-- RECORDS FOR THE EXERCISE --
------------------------
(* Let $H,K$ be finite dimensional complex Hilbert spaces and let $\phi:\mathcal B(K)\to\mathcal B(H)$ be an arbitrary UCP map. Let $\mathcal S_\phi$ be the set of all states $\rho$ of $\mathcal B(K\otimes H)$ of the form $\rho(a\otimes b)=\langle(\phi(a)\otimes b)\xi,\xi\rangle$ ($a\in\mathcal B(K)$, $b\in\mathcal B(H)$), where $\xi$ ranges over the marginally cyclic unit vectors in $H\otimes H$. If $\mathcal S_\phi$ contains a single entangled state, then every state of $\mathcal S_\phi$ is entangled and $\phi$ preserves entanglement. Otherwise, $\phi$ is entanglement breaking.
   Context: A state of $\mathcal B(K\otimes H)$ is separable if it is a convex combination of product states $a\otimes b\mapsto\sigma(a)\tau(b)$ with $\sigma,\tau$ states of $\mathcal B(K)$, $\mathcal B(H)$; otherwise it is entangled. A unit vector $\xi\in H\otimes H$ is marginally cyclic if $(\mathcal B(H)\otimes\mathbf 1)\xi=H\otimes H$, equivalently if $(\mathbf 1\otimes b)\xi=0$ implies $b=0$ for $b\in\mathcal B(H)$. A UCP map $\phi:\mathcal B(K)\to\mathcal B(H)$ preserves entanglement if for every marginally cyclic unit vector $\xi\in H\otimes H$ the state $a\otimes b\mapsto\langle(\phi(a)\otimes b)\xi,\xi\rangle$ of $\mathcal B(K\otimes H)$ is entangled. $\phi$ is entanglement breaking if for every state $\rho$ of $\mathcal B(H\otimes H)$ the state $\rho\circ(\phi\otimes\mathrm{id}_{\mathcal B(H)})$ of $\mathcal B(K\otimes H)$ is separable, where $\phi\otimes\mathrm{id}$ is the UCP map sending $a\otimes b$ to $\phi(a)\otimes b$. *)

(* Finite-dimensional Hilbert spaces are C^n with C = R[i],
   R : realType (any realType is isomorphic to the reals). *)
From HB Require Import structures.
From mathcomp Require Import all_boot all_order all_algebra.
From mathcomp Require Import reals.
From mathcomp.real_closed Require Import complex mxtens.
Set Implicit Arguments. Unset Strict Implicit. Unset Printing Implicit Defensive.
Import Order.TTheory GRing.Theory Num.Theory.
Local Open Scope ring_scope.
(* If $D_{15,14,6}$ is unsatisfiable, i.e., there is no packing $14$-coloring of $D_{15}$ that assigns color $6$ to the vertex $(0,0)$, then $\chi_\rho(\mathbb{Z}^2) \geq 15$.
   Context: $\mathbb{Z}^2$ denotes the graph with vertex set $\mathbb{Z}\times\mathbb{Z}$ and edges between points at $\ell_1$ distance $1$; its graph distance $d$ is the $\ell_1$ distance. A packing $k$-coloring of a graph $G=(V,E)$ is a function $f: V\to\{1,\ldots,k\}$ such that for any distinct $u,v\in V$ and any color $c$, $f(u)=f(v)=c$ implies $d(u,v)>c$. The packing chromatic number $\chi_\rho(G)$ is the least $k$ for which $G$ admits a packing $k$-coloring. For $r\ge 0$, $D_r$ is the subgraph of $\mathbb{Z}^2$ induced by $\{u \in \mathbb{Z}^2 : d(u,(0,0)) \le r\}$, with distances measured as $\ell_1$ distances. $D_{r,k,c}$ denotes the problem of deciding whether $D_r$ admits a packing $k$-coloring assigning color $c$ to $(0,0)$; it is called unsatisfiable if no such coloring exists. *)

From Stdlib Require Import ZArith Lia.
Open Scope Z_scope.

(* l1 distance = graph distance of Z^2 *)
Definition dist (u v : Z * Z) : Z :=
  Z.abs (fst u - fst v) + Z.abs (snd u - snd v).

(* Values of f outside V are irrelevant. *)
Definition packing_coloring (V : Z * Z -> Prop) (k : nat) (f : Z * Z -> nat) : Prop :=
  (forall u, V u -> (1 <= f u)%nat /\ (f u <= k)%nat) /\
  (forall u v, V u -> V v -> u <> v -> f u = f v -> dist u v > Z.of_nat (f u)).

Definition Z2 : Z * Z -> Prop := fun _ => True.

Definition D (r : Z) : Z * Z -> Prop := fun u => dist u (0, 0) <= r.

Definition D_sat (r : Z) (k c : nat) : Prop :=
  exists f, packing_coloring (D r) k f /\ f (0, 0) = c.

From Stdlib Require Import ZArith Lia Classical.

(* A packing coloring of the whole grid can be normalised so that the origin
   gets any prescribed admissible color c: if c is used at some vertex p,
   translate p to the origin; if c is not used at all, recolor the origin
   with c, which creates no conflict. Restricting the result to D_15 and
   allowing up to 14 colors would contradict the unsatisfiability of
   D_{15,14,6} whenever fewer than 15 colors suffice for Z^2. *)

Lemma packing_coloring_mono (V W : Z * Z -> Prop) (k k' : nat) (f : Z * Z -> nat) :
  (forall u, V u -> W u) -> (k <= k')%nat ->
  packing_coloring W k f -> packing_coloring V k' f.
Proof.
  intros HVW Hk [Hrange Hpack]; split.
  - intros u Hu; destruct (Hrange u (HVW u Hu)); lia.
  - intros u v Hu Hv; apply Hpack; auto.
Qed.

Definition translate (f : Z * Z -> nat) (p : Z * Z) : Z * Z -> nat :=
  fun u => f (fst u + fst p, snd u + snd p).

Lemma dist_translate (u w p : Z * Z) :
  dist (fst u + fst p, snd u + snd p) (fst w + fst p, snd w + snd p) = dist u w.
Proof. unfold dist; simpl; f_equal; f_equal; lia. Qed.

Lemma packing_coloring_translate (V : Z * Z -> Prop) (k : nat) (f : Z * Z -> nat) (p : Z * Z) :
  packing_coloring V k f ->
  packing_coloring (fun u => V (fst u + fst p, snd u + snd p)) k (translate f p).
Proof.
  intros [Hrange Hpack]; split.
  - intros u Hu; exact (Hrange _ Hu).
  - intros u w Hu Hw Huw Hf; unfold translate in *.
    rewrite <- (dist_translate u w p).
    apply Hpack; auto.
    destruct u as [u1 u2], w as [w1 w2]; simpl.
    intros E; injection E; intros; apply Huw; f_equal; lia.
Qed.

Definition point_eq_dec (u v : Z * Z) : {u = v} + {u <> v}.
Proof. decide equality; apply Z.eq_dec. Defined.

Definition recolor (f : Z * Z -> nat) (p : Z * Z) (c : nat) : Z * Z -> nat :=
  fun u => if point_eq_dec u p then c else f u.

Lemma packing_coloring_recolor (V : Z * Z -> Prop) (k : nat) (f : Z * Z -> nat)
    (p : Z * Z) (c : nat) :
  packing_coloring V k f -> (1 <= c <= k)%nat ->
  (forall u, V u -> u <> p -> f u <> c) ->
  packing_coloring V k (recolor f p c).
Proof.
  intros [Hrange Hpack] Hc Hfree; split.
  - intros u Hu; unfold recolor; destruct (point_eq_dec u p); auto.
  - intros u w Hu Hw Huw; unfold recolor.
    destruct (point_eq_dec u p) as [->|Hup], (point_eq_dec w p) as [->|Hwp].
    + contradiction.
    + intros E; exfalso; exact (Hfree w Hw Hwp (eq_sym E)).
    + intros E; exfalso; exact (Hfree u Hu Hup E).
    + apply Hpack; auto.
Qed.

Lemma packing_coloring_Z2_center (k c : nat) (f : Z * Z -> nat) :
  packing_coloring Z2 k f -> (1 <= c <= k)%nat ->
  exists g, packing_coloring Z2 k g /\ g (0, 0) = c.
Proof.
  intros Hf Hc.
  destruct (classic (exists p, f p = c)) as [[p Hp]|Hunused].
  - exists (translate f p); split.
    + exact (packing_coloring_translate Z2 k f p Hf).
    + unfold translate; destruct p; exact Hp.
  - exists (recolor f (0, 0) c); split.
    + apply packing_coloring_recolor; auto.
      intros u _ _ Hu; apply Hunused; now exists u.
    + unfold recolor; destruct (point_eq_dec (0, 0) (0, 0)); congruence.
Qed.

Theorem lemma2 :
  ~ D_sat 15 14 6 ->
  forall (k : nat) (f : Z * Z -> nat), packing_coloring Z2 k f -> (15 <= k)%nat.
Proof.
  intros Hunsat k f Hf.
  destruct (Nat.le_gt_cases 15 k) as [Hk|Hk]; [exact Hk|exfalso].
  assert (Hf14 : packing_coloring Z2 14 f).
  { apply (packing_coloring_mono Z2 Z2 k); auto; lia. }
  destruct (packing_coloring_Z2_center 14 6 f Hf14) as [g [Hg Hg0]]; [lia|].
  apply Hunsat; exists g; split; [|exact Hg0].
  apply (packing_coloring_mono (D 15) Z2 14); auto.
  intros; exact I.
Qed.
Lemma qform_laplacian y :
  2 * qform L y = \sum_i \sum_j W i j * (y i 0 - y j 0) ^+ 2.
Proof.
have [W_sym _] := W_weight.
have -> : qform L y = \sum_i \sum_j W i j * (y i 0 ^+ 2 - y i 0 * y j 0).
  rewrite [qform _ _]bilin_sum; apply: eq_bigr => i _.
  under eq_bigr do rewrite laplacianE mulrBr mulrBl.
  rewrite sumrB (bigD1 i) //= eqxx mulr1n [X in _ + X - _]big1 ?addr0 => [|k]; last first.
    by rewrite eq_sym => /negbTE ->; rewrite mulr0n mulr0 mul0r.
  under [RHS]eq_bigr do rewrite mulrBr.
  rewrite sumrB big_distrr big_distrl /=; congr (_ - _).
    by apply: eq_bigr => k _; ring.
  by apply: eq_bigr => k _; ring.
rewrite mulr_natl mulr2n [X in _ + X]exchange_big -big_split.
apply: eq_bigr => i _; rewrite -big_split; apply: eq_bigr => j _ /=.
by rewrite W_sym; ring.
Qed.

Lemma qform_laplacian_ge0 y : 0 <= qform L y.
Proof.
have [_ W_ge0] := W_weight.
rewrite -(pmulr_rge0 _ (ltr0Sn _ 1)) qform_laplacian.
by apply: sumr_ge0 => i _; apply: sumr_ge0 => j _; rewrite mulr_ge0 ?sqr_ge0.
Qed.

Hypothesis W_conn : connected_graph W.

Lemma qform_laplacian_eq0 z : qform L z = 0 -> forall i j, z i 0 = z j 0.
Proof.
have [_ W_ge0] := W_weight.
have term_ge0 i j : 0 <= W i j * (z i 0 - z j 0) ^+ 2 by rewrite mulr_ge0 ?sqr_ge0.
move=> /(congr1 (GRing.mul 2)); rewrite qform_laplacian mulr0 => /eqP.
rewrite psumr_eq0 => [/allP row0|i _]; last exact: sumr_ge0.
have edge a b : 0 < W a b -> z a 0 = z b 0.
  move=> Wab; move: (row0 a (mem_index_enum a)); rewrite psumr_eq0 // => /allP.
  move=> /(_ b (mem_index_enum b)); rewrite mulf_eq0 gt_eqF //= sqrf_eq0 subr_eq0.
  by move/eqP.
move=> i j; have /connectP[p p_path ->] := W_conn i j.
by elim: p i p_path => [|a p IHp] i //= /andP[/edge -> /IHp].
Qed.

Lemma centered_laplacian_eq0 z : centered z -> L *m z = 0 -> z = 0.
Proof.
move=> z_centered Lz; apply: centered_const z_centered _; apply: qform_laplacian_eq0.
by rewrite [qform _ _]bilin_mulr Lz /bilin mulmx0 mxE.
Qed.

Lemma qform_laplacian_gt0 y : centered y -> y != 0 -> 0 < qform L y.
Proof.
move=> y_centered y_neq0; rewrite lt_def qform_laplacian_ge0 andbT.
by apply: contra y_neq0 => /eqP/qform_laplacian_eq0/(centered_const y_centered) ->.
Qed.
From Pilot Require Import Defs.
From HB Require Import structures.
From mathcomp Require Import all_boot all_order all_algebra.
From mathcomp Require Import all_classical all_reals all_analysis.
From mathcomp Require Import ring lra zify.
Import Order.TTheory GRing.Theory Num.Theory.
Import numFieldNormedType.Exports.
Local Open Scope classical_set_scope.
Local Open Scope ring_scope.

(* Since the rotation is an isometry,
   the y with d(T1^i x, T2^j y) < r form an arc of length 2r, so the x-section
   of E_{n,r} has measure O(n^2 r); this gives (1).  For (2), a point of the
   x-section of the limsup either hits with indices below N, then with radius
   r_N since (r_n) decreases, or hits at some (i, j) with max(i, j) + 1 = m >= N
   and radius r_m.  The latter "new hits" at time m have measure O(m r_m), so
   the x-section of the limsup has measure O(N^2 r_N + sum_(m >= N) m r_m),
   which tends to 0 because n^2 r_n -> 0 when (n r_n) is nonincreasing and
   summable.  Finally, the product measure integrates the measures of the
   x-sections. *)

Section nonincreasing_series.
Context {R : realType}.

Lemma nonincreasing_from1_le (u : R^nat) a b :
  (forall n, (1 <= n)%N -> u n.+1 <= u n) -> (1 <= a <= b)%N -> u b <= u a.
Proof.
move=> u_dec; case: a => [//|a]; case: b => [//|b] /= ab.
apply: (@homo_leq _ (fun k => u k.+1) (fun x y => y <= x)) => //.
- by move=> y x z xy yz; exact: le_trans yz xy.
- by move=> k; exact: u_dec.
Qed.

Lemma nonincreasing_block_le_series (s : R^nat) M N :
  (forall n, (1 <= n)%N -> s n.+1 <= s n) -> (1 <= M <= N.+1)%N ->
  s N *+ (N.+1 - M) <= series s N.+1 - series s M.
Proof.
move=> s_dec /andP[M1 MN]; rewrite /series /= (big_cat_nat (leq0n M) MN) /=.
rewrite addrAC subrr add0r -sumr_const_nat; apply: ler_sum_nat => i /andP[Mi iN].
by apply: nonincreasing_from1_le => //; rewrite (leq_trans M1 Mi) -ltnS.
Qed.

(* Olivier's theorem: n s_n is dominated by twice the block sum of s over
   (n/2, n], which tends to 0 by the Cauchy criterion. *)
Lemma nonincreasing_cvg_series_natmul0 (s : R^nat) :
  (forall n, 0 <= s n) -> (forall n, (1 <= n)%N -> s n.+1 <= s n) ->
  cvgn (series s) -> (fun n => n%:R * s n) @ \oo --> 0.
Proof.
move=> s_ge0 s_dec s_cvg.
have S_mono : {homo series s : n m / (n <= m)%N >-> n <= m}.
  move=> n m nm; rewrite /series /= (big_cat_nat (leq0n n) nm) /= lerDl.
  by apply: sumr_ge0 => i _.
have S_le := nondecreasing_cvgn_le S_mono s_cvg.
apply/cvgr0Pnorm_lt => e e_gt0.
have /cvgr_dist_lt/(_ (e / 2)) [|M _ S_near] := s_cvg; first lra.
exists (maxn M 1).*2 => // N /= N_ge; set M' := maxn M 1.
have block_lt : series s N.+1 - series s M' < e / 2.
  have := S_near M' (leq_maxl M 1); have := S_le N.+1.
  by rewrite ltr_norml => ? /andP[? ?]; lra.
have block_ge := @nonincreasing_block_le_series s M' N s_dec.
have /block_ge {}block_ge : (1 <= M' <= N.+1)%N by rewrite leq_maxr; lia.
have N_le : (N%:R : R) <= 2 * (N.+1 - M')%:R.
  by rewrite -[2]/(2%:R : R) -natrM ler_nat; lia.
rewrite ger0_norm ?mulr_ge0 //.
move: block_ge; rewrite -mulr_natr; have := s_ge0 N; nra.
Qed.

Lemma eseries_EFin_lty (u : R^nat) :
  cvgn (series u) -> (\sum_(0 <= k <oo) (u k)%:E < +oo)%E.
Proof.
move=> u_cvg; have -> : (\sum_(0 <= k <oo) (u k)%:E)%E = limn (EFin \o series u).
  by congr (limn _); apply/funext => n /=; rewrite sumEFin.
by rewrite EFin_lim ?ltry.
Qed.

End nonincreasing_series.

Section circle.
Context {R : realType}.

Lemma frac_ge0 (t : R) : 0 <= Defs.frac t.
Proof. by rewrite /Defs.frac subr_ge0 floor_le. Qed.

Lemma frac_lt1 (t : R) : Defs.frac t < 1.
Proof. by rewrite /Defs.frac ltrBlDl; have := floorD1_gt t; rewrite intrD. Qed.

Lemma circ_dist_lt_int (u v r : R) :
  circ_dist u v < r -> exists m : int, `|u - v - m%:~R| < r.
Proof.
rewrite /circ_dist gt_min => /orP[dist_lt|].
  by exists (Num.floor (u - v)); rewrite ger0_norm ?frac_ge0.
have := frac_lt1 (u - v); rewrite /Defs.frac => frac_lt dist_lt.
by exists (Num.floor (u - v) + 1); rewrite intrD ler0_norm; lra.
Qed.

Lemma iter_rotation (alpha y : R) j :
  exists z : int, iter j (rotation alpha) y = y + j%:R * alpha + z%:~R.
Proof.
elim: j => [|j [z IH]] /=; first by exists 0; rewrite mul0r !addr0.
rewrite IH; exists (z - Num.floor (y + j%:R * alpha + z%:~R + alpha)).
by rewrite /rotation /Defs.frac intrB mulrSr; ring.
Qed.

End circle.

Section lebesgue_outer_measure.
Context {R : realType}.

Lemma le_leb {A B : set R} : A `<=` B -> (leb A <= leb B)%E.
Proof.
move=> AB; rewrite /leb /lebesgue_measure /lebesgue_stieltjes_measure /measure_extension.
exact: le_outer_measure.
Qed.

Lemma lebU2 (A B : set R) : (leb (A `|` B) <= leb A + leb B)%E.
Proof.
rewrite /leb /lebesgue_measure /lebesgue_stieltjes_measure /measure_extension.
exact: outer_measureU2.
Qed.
------------------------
-- YOUR OBJECTIVE --
From the entries above, copy every line that holds the word "elim".

-- YOUR RESPONSE --
by elim: p i p_path => [|a p IHp] i //= /andP[/edge -> /IHp].
elim: j => [|j [z IH]] /=; first by exists 0; rewrite mul0r !addr0.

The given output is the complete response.